Темпл направлялась в лагерь и везла еду для Дамона и Пьера, желая, чтобы мужчины сделали перерыв и как следует подкрепились. Они совсем не отдыхают и не успевают перекусить. Так ведь можно и надорваться.

Услышав вдали топот копыт, Темпл всмотрелась в одинокого всадника, скачущего ей навстречу. Может, это Дамон? Она пустила лошадь в галоп и, поднявшись на вершину холма, увидела внизу, на дороге, незнакомого всадника. Вдруг впереди, возле обочины, ярко блеснуло на солнце что-то металлическое.

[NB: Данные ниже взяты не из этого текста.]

(* Let $(W,S)$ be a Coxeter system with $S$ finite such that all elements of $Q_W$ are conjugate in $W$ (i.e. $c(W)=1$). Then the central extension $0\to\mathbb{Z}\to\operatorname{Ad}(Q_W)\xrightarrow{\phi}W\to1$ (where $\mathbb{Z}$ is identified with $\ker\phi$ via $1\mapsto e_s^2$, $s\in S$) is the unique nontrivial central extension of $W$ by $\mathbb{Z}$, up to equivalence of extensions.
   Context: A Coxeter system $(W,S)$: $S$ finite, $m:S\times S\to\mathbb{N}\cup\{\infty\}$ with $m(s,s)=1$, $2\le m(s,t)=m(t,s)\le\infty$ for $s\ne t$, $W=\langle s\in S\mid (st)^{m(s,t)}=1\ (m(s,t)<\infty)\rangle$. The Coxeter quandle $Q_W=\bigcup_{w\in W}w^{-1}Sw$ has operation $x\ast y=yxy$; $\operatorname{Ad}(Q_W)=\langle e_x\ (x\in Q_W)\mid e_y^{-1}e_xe_y=e_{x\ast y}\rangle$; $\phi:\operatorname{Ad}(Q_W)\to W$ is $e_x\mapsto x$. When $c(W)=1$, $\ker\phi$ is central and infinite cyclic, generated by $e_s^2$, which is independent of $s\in S$. *)

(* abstract (possibly infinite) groups as records with
   Leibniz equality; groups given by presentations are characterized by
   their universal property. *)
From Stdlib Require Import ZArith List Lia.

Record group := Group {
  carrier :> Type;
  mul : carrier -> carrier -> carrier;
  one : carrier;
  inv : carrier -> carrier;
  mulA : forall x y z, mul x (mul y z) = mul (mul x y) z;
  mul1g : forall x, mul one x = x;
  mulg1 : forall x, mul x one = x;
  mulVg : forall x, mul (inv x) x = one;
  mulgV : forall x, mul x (inv x) = one }.

Arguments mul {g} _ _.
Arguments one {g}.
Arguments inv {g} _.

Definition is_hom (G H : group) (f : G -> H) : Prop :=
  forall x y, f (mul x y) = mul (f x) (f y).
Arguments is_hom {G H} f.

Definition pow_nat {G : group} (x : G) (n : nat) : G :=
  Nat.iter n (fun y => mul x y) one.

Definition zpow {G : group} (x : G) (n : Z) : G :=
  match n with
  | Z0 => one
  | Zpos p => pow_nat x (Pos.to_nat p)
  | Zneg p => inv (pow_nat x (Pos.to_nat p))
  end.

Definition Zgroup : group.
Proof.
  refine (@Group Z Z.add 0%Z Z.opp _ _ _ _ _); intros; lia.
Defined.

Definition prod_group (G H : group) : group.
Proof.
  refine (@Group (G * H)%type
            (fun a b => (mul (fst a) (fst b), mul (snd a) (snd b)))
            (one, one)
            (fun a => (inv (fst a), inv (snd a))) _ _ _ _ _).
  - intros [] [] []; simpl; now rewrite !mulA.
  - intros []; simpl; now rewrite !mul1g.
  - intros []; simpl; now rewrite !mulg1.
  - intros []; simpl; now rewrite !mulVg.
  - intros []; simpl; now rewrite !mulgV.
Defined.

(* m s t = None encodes m(s,t) = infinity *)
Definition coxeter_matrix {S : Type} (m : S -> S -> option nat) : Prop :=
  (forall s, m s s = Some 1) /\
  (forall s t, m s t = m t s) /\
  (forall s t k, s <> t -> m s t = Some k -> 2 <= k).

Definition cox_rel {S : Type} (m : S -> S -> option nat) (H : group)
  (f : S -> H) : Prop :=
  forall s t k, m s t = Some k -> pow_nat (mul (f s) (f t)) k = one.

(** (W, sigma) is the group presented by <S | (st)^m(s,t) = 1>. *)
Definition is_coxeter_group {S : Type} (m : S -> S -> option nat)
  (W : group) (sigma : S -> W) : Prop :=
  cox_rel m W sigma /\
  forall (H : group) (f : S -> H), cox_rel m H f ->
    exists g : W -> H, is_hom g /\ (forall s, g (sigma s) = f s) /\
      (forall g' : W -> H, is_hom g' -> (forall s, g' (sigma s) = f s) ->
         forall x, g' x = g x).

Definition in_QW {S : Type} {W : group} (sigma : S -> W) (x : W) : Prop :=
  exists (w : W) (s : S), x = mul (inv w) (mul (sigma s) w).

Definition qop {W : group} (x y : W) : W := mul y (mul x y).

Definition adj_rel {W : group} (Q : W -> Prop) (H : group) (f : W -> H)
  : Prop :=
  forall x y, Q x -> Q y -> mul (inv (f y)) (mul (f x) (f y)) = f (qop x y).

(** (A, e) is the adjoint group Ad(Q) = < e_x (x in Q) | e_y^-1 e_x e_y =
    e_{x*y} >; only the values of e on Q are meaningful. *)
Definition is_adjoint_group {W : group} (Q : W -> Prop) (A : group)
  (e : W -> A) : Prop :=
  adj_rel Q A e /\
  forall (H : group) (f : W -> H), adj_rel Q H f ->
    exists g : A -> H, is_hom g /\ (forall x, Q x -> g (e x) = f x) /\
      (forall g' : A -> H, is_hom g' -> (forall x, Q x -> g' (e x) = f x) ->
         forall a, g' a = g a).

Definition is_central_ext {W E : group} (i : Zgroup -> E) (p : E -> W)
  : Prop :=
  is_hom i /\ is_hom p /\
  (forall n n', i n = i n' -> n = n') /\
  (forall w, exists x, p x = w) /\
  (forall x, p x = one <-> exists n, x = i n) /\
  (forall n x, mul (i n) x = mul x (i n)).

Definition ext_equiv {W E E' : group} (i : Zgroup -> E) (p : E -> W)
  (i' : Zgroup -> E') (p' : E' -> W) : Prop :=
  exists theta : E -> E', is_hom theta /\
    (forall n, theta (i n) = i' n) /\ (forall x, p' (theta x) = p x).

Definition triv_i (W : group) : Zgroup -> prod_group Zgroup W :=
  fun n => (n, one).
Definition triv_p (W : group) : prod_group Zgroup W -> W := fun a => snd a.

Definition trivial_ext {W E : group} (i : Zgroup -> E) (p : E -> W) : Prop :=
  ext_equiv (triv_i W) (triv_p W) i p.

(* Each square e_x^2 (x in Q_W) is central in Ad(Q_W) and invariant under conjugating x,
   so when Q_W is one conjugacy class all of them equal a single central z = e_s^2.  Once z
   is killed, the e_s satisfy the Coxeter relations; this inverts Ad(Q_W)/<z> -> W, hence
   ker phi = <z>.  The degree map e_x |-> 1 into Z sends z to 2, so z has infinite order, and
   there is no splitting: it would give an involution c over s, and e_s c^-1 in <z> would
   have even degree, while its degree is 1.
   Given another central extension 0 -> Z -> E -> W -> 1, a conjugate of a lift of s is
   determined by its image (two such have equal squares and the kernel is torsion free), so
   sending e_x to the conjugate over x defines Ad(Q_W) -> E over W.  It maps z to some i(n);
   twisting by a |-> i(-(n/2) deg a) makes n = 0, giving a splitting, or n = 1, giving an
   equivalence with Ad(Q_W). *)

From Stdlib Require Import ZArith List Lia.
From Stdlib Require Import ProofIrrelevance ClassicalEpsilon.

Definition conjg {G : group} (a b : G) : G := mul (inv b) (mul a b).

Section GroupFacts.
Variable G : group.
Implicit Types a b c x y : G.

Lemma mul_cancel_l a x y : mul a x = mul a y -> x = y.
Proof.
  intros H. rewrite <- (mul1g _ x), <- (mul1g _ y), <- (mulVg _ a), <- !mulA, H.
  reflexivity.
Qed.

Lemma mul_cancel_r a x y : mul x a = mul y a -> x = y.
Proof.
  intros H. rewrite <- (mulg1 _ x), <- (mulg1 _ y), <- (mulgV _ a), !mulA, H.
  reflexivity.
Qed.

Lemma inv_unique x y : mul x y = one -> y = inv x.
Proof. intros H. apply (mul_cancel_l x). now rewrite H, mulgV. Qed.

Lemma invgK x : inv (inv x) = x.
Proof. symmetry. apply inv_unique, mulVg. Qed.

Lemma invMg x y : inv (mul x y) = mul (inv y) (inv x).
Proof.
  symmetry. apply inv_unique.
  now rewrite <- mulA, (mulA _ y), mulgV, mul1g, mulgV.
Qed.

Lemma invg1 : inv (@one G) = one.
Proof. symmetry. apply inv_unique, mul1g. Qed.

Lemma pow_nat_succ_r x n : pow_nat x (S n) = mul (pow_nat x n) x.
Proof.
  induction n as [|n IH]; simpl in *.
  - now rewrite mulg1, mul1g.
  - now rewrite IH at 1; rewrite mulA.
Qed.

Lemma pow_nat_swap a b j : mul a (pow_nat (mul b a) j) = mul (pow_nat (mul a b) j) a.
Proof.
  induction j as [|j IH]; simpl.
  - now rewrite mul1g, mulg1.
  - rewrite mulA, (mulA _ a b a), <- (mulA _ (mul a b) a), IH.
    apply mulA.
Qed.

Lemma zpow_of_nat x k : zpow x (Z.of_nat k) = pow_nat x k.
Proof. destruct k; simpl; [|rewrite SuccNat2Pos.id_succ]; reflexivity. Qed.

Lemma zpow_opp_of_nat x k : zpow x (- Z.of_nat k) = inv (pow_nat x k).
Proof. destruct k; simpl; [now rewrite invg1 | now rewrite SuccNat2Pos.id_succ]. Qed.

Lemma Z_of_nat_cases (n : Z) : exists k, n = Z.of_nat k \/ n = (- Z.of_nat k)%Z.
Proof.
  destruct (Z_le_gt_dec 0 n); [exists (Z.to_nat n) | exists (Z.to_nat (- n))]; lia.
Qed.

Lemma zpow_succ x n : zpow x (n + 1) = mul (zpow x n) x.
Proof.
  destruct (Z_of_nat_cases n) as [[|k] [-> | ->]].
  1-2: simpl; now rewrite mul1g, mulg1.
  - replace (Z.of_nat (S k) + 1)%Z with (Z.of_nat (S (S k))) by lia.
    rewrite !zpow_of_nat. apply pow_nat_succ_r.
  - replace (- Z.of_nat (S k) + 1)%Z with (- Z.of_nat k)%Z by lia.
    rewrite !zpow_opp_of_nat. simpl.
    now rewrite invMg, <- mulA, mulVg, mulg1.
Qed.

Lemma zpow_pred x n : zpow x (n - 1) = mul (zpow x n) (inv x).
Proof.
  apply (mul_cancel_r x).
  rewrite <- mulA, mulVg, mulg1, <- zpow_succ. f_equal. lia.
Qed.

Lemma zpow_add x (n1 n2 : Z) : zpow x (n1 + n2) = mul (zpow x n1) (zpow x n2).
Proof.
  induction n2 as [|n2 IH|n2 IH] using Z.peano_ind.
  - simpl. now rewrite Z.add_0_r, mulg1.
  - rewrite <- !Z.add_1_r, Z.add_assoc, !zpow_succ, IH. symmetry; apply mulA.
  - rewrite <- !Z.sub_1_r.
    replace (n1 + (n2 - 1))%Z with (n1 + n2 - 1)%Z by lia.
    rewrite !zpow_pred, IH. symmetry; apply mulA.
Qed.

Lemma zpow_opp x n : zpow x (- n) = inv (zpow x n).
Proof. apply inv_unique. now rewrite <- zpow_add, Z.add_opp_diag_r. Qed.

Lemma zpow1g n : zpow (@one G) n = one.
Proof.
  assert (pow1 : forall k, pow_nat (@one G) k = one).
  { induction k as [|k IH]; simpl; [|rewrite IH, mul1g]; reflexivity. }
  destruct (Z_of_nat_cases n) as [k [-> | ->]].
  - now rewrite zpow_of_nat.
  - now rewrite zpow_opp_of_nat, pow1, invg1.
Qed.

Это привлекло внимание Темпл.

За деревьями, почти скрытый густой листвой, сидел на сером коне мужчина и целился из винтовки в ничего не подозревавшего всадника. Темпл, натянув поводья, осадила Гордую и достала свою винтовку.

Прицелившись, она нажала на спусковой крючок. Тишину прорезал громкий выстрел, а вслед за ним раздался пронзительный крик. Владелец серого коня распростерся на земле.

Бейтс заметил на дороге всадника в ту минуту, когда тот вскинул винтовку. Сокрушаясь, что не подумал о возможной засаде, Бейтс обхватил себя руками. Он понимал, что смерти ему не миновать. Казалось, время остановилось. Но вот прогремел выстрел, раздался крик, и Бейтс понял, что целились не в него.

Подъехав к распростертому на земле телу, Бейтс спешился, перевернул раненого на спину и увидел, что тот весь в крови. Умирающий поднял на старика помутневшие глаза, попытался что-то сказать, но только судорожно вздохнул и испустил дух.

Громкий топот копыт заставил Бейтса оглянуться. Дамок и Пьер скакали к нему во главе большого отряда вооруженных мужчин. Сюда примчалась едва ли не половина лагеря.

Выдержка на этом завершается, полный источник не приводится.